STEVE: I fail to see the problem. This sounds like a perfect plan. Let's do it.

SILVIA: If only all VPs would listen to that.

JORDAN: I know. It'll work, right?

NIALL: So there's some nuance here about how you would address that. But I think the underlying intuition that actually-- quotes were not very good at figuring out what's going to happen with the software after we have written it, which of course, is true. Software is a complicated thing. The world is a complicated thing, and so on. All of that being true, you would like to say, generally-- not always-- but generally reliability work has the kind of scope that allows it to be interpreted-- its consequences to be interpreted way better than overall feature work. And so you could trade a much wider scope for a narrower scope or whatever. Now of course, then you get the implementations or the reliability work, which is actually build new system x or retrofit Paxos into your data model or screaming horror style stuff like that. But in general, I feel we should be making more petitions towards complexity, simplification and all of the other things I was talking about in the context of the Microsoft research.

SILVIA: I would say my answer to this is, well, first of all, again, I always go back to-- the research is I'll actually remember that paper, and I like it a lot, but it comes down to what are the system you're in. So assuming you have supportive leadership, which is an easy one to just say in a podcast, but it's a very real concern from one company to the other. So assuming you have leadership that truly wants to understand how to assess these trade-offs, one of the things I'd have seen in the last few years that have really improved the conversation about these things-- because ultimately we're trying to quantify squishy things like, if I change this, will it break later? It's we're trying to apply some kind of measurement to things that are basically trying to forecast the future. And one of the things I've really liked using a lot have been DORA metrics, which I suspect is the same. Shout out to Dr. Forsgren because I know that the paper from Microsoft was also her work, I think. I hope I didn't get that wrong. But DORA metrics are one of those things that I know have evolved past the annual assessment that we see every year come out. But at their heart-- and I highly recommend the book, "Accelerate," because it goes much more deep into why these are the metrics that it landed on. It can help leaders quantify things like it's not just that this service makes us money, the team that's on call for it is scared to change it. Like that's a squishy feeling that if you couple with something like change failure rate-- which is one of the Dora metrics-- you start actually seeing data around every time they do a deploy to it, something small breaks, and then every deploys or so something big breaks. And therefore, the team's confidence in making changes to the service that makes us a lot of money is declining. That needs to be addressed. And it becomes-- you start applying slightly better measurements to things that are far more squishy in feeling.

STEVE: Yeah, I think in the past, we've always had, well, every domain is its own special snowflake, so how can we possibly compare them? But I think DORA and "Accelerate" gave us some really good numbers, and they show, like well, yes, they're all special, but they're all stuff running on computers, so we can measure that part of it.

JORDAN: So can you talk about in the lens of building stuff into software to support reliability, what spells has the witch of the woods already given us to help us with that?

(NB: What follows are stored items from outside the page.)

Lemma quotient_max_conditions (f g df dg : R -> R) (x d2f d2g : R) :
  (forall y, is_derive f y (df y)) -> (forall y, is_derive g y (dg y)) ->
  (forall y, 0 < g y) -> is_derive df x d2f -> is_derive dg x d2g ->
  (forall y, f y / g y <= f x / g x) ->
  df x * g x = f x * dg x /\ d2f * g x - f x * d2g <= 0.
Proof.
  intros Hf Hg Hgpos Hdf Hdg Hmax.
  set (num := fun y => df y * g y - f y * dg y).
  assert (Hquot : forall y, is_derive (fun y => f y / g y) y (num y / g y ^ 2)).
  { intros y. apply is_derive_div; [apply Hf | apply Hg | specialize (Hgpos y); lra]. }
  assert (Hgx : 0 < g x) by apply Hgpos.
  assert (Hcrit : num x = 0).
  { pose proof (is_derive_max_eq0 _ x _ (Hquot x) Hmax) as H0.
    apply (Rmult_eq_reg_r (/ g x ^ 2)); [rewrite Rmult_0_l; exact H0 |].
    apply Rinv_neq_0_compat, pow_nonzero; lra. }
  split; [unfold num in Hcrit; cbv beta in Hcrit; lra |].
  assert (Hnum : is_derive num x (d2f * g x - f x * d2g)).
  { replace (d2f * g x - f x * d2g) with
      (d2f * g x + df x * dg x - (df x * dg x + f x * d2g)) by ring.
    apply @is_derive_minus; apply (is_derive_mult _ _ x); auto; intros; apply Rmult_comm. }
  pose proof (is_derive_div num (fun y => g y ^ 2) x _ _ Hnum
    (is_derive_pow g 2 x _ (Hg x)) (pow_nonzero (g x) 2 ltac:(lra))) as Hquot'.
  pose proof (is_derive2_max_le0 _ _ x _ Hquot Hquot' Hmax) as Hle.
  rewrite Hcrit, Rmult_0_l, Rminus_0_r in Hle.
  replace ((d2f * g x - f x * d2g) * g x ^ 2 / (g x ^ 2) ^ 2)
    with ((d2f * g x - f x * d2g) * / g x ^ 2) in Hle by (field; lra).
  assert (Hinv : 0 < / g x ^ 2) by (apply Rinv_0_lt_compat, pow_lt; lra).
  nra.
Qed.

Lemma is_derive_ge_of_first_time (f : R -> R) (t d del : R) :
  0 < t -> is_derive f t d ->
  (forall s, 0 <= s < t -> f s - del * s < f t - del * t) -> del <= d.
Proof.
  intros Ht Hd Hfirst. apply Rnot_lt_le. intros Hlt.
  assert (Htilt : is_derive (fun s => f s - del * s) t (d - del)).
  { apply @is_derive_minus; [exact Hd | auto_derive; [exact I | ring]]. }
  destruct (is_derive_neg_left _ t _ Htilt ltac:(lra)) as [eps [Heps Hk]].
  set (k := Rmin eps t / 2).
  assert (Hmin : 0 < Rmin eps t /\ Rmin eps t <= eps /\ Rmin eps t <= t).
  { repeat split; [apply Rmin_pos | apply Rmin_l | apply Rmin_r]; lra. }
  specialize (Hk k ltac:(unfold k; lra)). specialize (Hfirst (t - k) ltac:(unfold k; lra)).
  lra.
Qed.

(* Tilting by [del * s] turns the first time [F] exceeds [M] into a strict first
   crossing, so that a nonpositive time derivative there is already contradictory. *)
Lemma max_principle (T : Rbar) (F : R -> R -> R) (M : R) :
  (forall z t, 0 <= t -> Rbar_lt t T -> half_continuous F z t) -> periodic_z F ->
  (forall z, F z 0 <= M) ->
  (forall zs ts del, 0 < ts -> Rbar_lt ts T -> 0 < del -> M < F zs ts ->
     (forall z, F z ts <= F zs ts) ->
     (forall s, 0 <= s < ts -> F zs s - del * s < F zs ts - del * ts) -> False) ->
  forall z t, 0 <= t -> Rbar_lt t T -> F z t <= M.
Proof.
  intros Hcont Hper Hinit Hkey z1 t1 Ht1 HT1. apply Rnot_lt_le. intros Hgt.
  assert (Ht1pos : 0 < t1).
  { destruct Ht1 as [| <-]; [assumption |]. specialize (Hinit z1). lra. }
  set (del := (F z1 t1 - M) / (2 * t1)).
  assert (Hdel : del * t1 = (F z1 t1 - M) / 2) by (unfold del; field; lra).
  assert (Hdelpos : 0 < del) by (unfold del; apply Rdiv_lt_0_compat; lra).
  destruct (first_time_reached (fun x s => F x s - del * s) t1 (F z1 t1 - del * t1))
    as [zs [ts [Hts [Hreach [Hmax Hbefore]]]]].
  - intros z t Ht. apply half_continuous_minus.
    + apply Hcont; [lra | apply (Rbar_le_lt_trans t t1 T); [simpl; lra | exact HT1]].
    + apply half_continuous_mult; [apply half_continuous_const | apply half_continuous_time].
  - intros z t. now rewrite Hper.
  - exact Ht1.
  - intros z. specialize (Hinit z). lra.
  - exists z1. lra.
  - apply (Hkey zs ts del); try lra.
    + apply (Rbar_le_lt_trans ts t1 T); [simpl; lra | exact HT1].
    + nra.
    + intros z. specialize (Hmax z). lra.
    + intros s Hs. specialize (Hbefore zs s Hs). lra.
Qed.

Lemma max_principle_derive (T : Rbar) (F : R -> R -> R) (M : R) :
  (forall z t, 0 <= t -> Rbar_lt t T -> half_continuous F z t) -> periodic_z F ->
  (forall z, F z 0 <= M) ->
  (forall zs ts, 0 < ts -> Rbar_lt ts T -> M < F zs ts -> (forall z, F z ts <= F zs ts) ->
     exists d, is_derive (fun s => F zs s) ts d /\ d <= 0) ->
  forall z t, 0 <= t -> Rbar_lt t T -> F z t <= M.
Proof.
  intros Hcont Hper Hinit Hkey. apply max_principle; try assumption.
  intros zs ts del Hts HT Hdel HM Hmax Hfirst.
  destruct (Hkey zs ts Hts HT HM Hmax) as [d [Hd Hdle]].
  pose proof (is_derive_ge_of_first_time _ ts d del Hts Hd Hfirst). lra.
Qed.

(** * The warped-product Ricci flow *)

Record regular (T : Rbar) (f : R -> R -> R) : Prop := {
  regular_pos : forall z t, 0 <= t -> Rbar_lt t T -> 0 < f z t;
  regular_cont : forall z t, 0 <= t -> Rbar_lt t T -> half_continuous f z t;
  regular_dz : forall z t, 0 <= t -> Rbar_lt t T -> is_derive (fun x => f x t) z (dz f z t);
  regular_dzz : forall z t, 0 <= t -> Rbar_lt t T ->
    is_derive (fun x => dz f x t) z (dz (dz f) z t);
  regular_dt : forall z t, 0 < t -> Rbar_lt t T -> is_derive (fun s => f z s) t (dt f z t);
  regular_periodic : periodic_z f }.

Lemma regular_of_smooth (T : Rbar) (f : R -> R -> R) :
  smooth_on T f -> periodic_z f -> (forall z t, 0 <= t -> Rbar_lt t T -> 0 < f z t) ->
  regular T f.
Proof.
  intros [Hint Hbdry] Hper Hpos. split; try assumption.
  - intros z t Ht HT. exact (proj2 (Hbdry O z t Ht HT)).
  - intros z t Ht HT. apply Derive_correct, (Hbdry O z t Ht HT).
  - intros z t Ht HT. apply Derive_correct, (Hbdry 1%nat z t Ht HT).
  - intros z t Ht HT. apply Derive_correct, (Hint O O z t Ht HT).
Qed.

Lemma ratio_spatial_max (T : Rbar) (P Q : R -> R -> R) (zs ts : R) :
  regular T P -> regular T Q -> 0 <= ts -> Rbar_lt ts T ->
  (forall z, P z ts / Q z ts <= P zs ts / Q zs ts) ->
  dz P zs ts * Q zs ts = P zs ts * dz Q zs ts /\
  dz (dz P) zs ts * Q zs ts - P zs ts * dz (dz Q) zs ts <= 0.
Proof.
  intros HP HQ Hts HT Hmax.
  apply (quotient_max_conditions (fun z => P z ts) (fun z => Q z ts)
    (fun z => dz P z ts) (fun z => dz Q z ts)); try assumption;
    intros; [apply HP | apply HQ | apply HQ | apply HP | apply HQ]; assumption.
Qed.

(* Right-hand side of the equation for [dt P] in [RF_eqs], [U] and [Q] being the two
   other coefficients. *)
Definition flow_term (phi P U Q : R -> R -> R) (z t : R) : R :=
  dss phi P z t + ds phi P z t * (ds phi U z t / U z t + ds phi Q z t / Q z t)
  - 2 * (P z t ^ 4 - (U z t ^ 2 - Q z t ^ 2) ^ 2) / (P z t * U z t ^ 2 * Q z t ^ 2).

Lemma flow_term_comm (phi P U Q : R -> R -> R) (z t : R) :
  flow_term phi P U Q z t = flow_term phi P Q U z t.
Proof.
  unfold flow_term. rewrite (Rplus_comm (ds phi U z t / U z t)).
  replace (P z t * U z t ^ 2 * Q z t ^ 2) with (P z t * Q z t ^ 2 * U z t ^ 2) by ring.
  replace ((U z t ^ 2 - Q z t ^ 2) ^ 2) with ((Q z t ^ 2 - U z t ^ 2) ^ 2) by ring.
  reflexivity.
Qed.

Section Diffusion.

Variables (T : Rbar) (phi : R -> R -> R).
Hypothesis phi_regular : regular T phi.

Lemma dss_eq (P : R -> R -> R) (z t : R) :
  regular T P -> 0 <= t -> Rbar_lt t T ->
  dss phi P z t = (dz (dz P) z t * phi z t - dz P z t * dz phi z t) / phi z t ^ 3.
Proof.
  intros HP Ht HT. pose proof (regular_pos _ _ phi_regular z t Ht HT) as Hphi.
  unfold dss, ds at 1. unfold dz at 1. unfold ds.
  rewrite (is_derive_unique _ _ _ (is_derive_div (fun x => dz P x t) (fun x => phi x t) z _ _
    (regular_dzz _ _ HP z t Ht HT) (regular_dz _ _ phi_regular z t Ht HT) ltac:(lra))).
  field. lra.
Qed.

Lemma ratio_evolution (P Q U : R -> R -> R) (z t : R) :
  regular T P -> regular T Q -> regular T U -> 0 <= t -> Rbar_lt t T ->
  dt P z t = flow_term phi P U Q z t -> dt Q z t = flow_term phi Q U P z t ->
  dz P z t * Q z t = P z t * dz Q z t ->
  dt P z t * Q z t - P z t * dt Q z t =
    (dz (dz P) z t * Q z t - P z t * dz (dz Q) z t) / phi z t ^ 2
    - 4 * (P z t ^ 2 - Q z t ^ 2) * (P z t ^ 2 + Q z t ^ 2 - U z t ^ 2)
        / (P z t * U z t ^ 2 * Q z t).
Proof.
  intros HP HQ HU Ht HT HdtP HdtQ Hcrit.
  pose proof (regular_pos _ _ phi_regular z t Ht HT).
  pose proof (regular_pos _ _ HP z t Ht HT). pose proof (regular_pos _ _ HQ z t Ht HT).
  pose proof (regular_pos _ _ HU z t Ht HT).
  rewrite HdtP, HdtQ. unfold flow_term. rewrite (dss_eq P), (dss_eq Q) by assumption.
  unfold ds. replace (dz P z t) with (P z t * dz Q z t / Q z t) by (field_simplify_eq; lra).
  field. lra.
Qed.

Lemma ratio_rate_at_max (P Q U : R -> R -> R) (zs ts : R) :
  regular T P -> regular T Q -> regular T U -> 0 <= ts -> Rbar_lt ts T ->
  dt P zs ts = flow_term phi P U Q zs ts -> dt Q zs ts = flow_term phi Q U P zs ts ->
  (forall z, P z ts / Q z ts <= P zs ts / Q zs ts) ->
  dt P zs ts * Q zs ts - P zs ts * dt Q zs ts <=
    - 4 * (P zs ts ^ 2 - Q zs ts ^ 2) * (P zs ts ^ 2 + Q zs ts ^ 2 - U zs ts ^ 2)
      / (P zs ts * U zs ts ^ 2 * Q zs ts).
Proof.
  intros HP HQ HU Hts HT HdtP HdtQ Hmax.
  destruct (ratio_spatial_max T P Q zs ts HP HQ Hts HT Hmax) as [Hcrit Hdiff].
  rewrite (ratio_evolution P Q U) by assumption.
  pose proof (regular_pos _ _ phi_regular zs ts Hts HT).
  assert (0 < / phi zs ts ^ 2) by (apply Rinv_0_lt_compat, pow_lt; lra).
  assert ((dz (dz P) zs ts * Q zs ts - P zs ts * dz (dz Q) zs ts) / phi zs ts ^ 2 <= 0)
    by (unfold Rdiv; nra).
  lra.
Qed.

So example, exponential reach highs, jitter, rate limiting, load shedding stuff. We have some magic here. Can you talk about some of this magic, maybe some of your favorites or an example of when you've used stuff like this to accomplish a reliability goal?

SILVIA: It will never cease to amaze me how many times and how many different ways a company can have an incident because they internally had a DoS dynamic. Like system A was doing this, and then system B just had no clue what the hell is about to happen. And boom, I mean don't let your--

STEVE: Stop hitting yourself kind of thing.

SILVIA: I know. It's just and it's--

JORDAN: The call is coming from inside the house.

SILVIA: Yeah. And the thing that I keep saying to engineers when these happen, it's like it's not that this particular way you do it is going to prevent this from happening. It's like this will happen. You just need to be far more paranoid about it. For example, don't ever let a logging call be synchronous. Writing a log line should not take down your service. Sending a metric should not take down your service. Now, there are going to be certain things that should take down your service. Like, you're about to write a line to a database and the database is not there, that's a valid reason. And then for that one, you start thinking about how fast you can fail over. Do you really need a single writer database? What happens if you switch this to a database that's more availability than consistency-oriented? Like there's other things. But like the way that the same smells keep happening, it still surprises me, to be honest.

NIALL: So I think of this a little bit like using one of the analogies from earlier. If you think of RPC calls as externalized call stacks for one machine software or one computer software, then every time you're calling another function, you're making an RPC, I mean, obviously. But I think people kind of tend to forget that actually there's a call chain which is a software stack, which could and should be regarded as no more complicated and difficult as pulling the registers or heap or whatever for your particular application. But actually, as a matter of observed reality today, it's just really, really hard. And it's particularly really, really hard in the cases where you are DoSing yourself in the cases where traffic management should be a hugely powerful lever for you to control your call stack but actually isn't because you don't have the tools, et cetera. So we do rate limiting as a service as well as a bunch of other things. And so rate limiting in terms of being able to in real time control and cap and prioritize, in particular, various call stacks over each other is I think actually a much underused capability in software. There's actually a ton of open source things that do bits and pieces of this, but most people don't really think about the DoS cases. Of course, starting off you're like, hey, if I'm DoSed, my thing is popular. Excellent. That's fantastic. And then you get DoSed a couple times in a row, and people are like, I will go to your competitor, and I'll never see you again.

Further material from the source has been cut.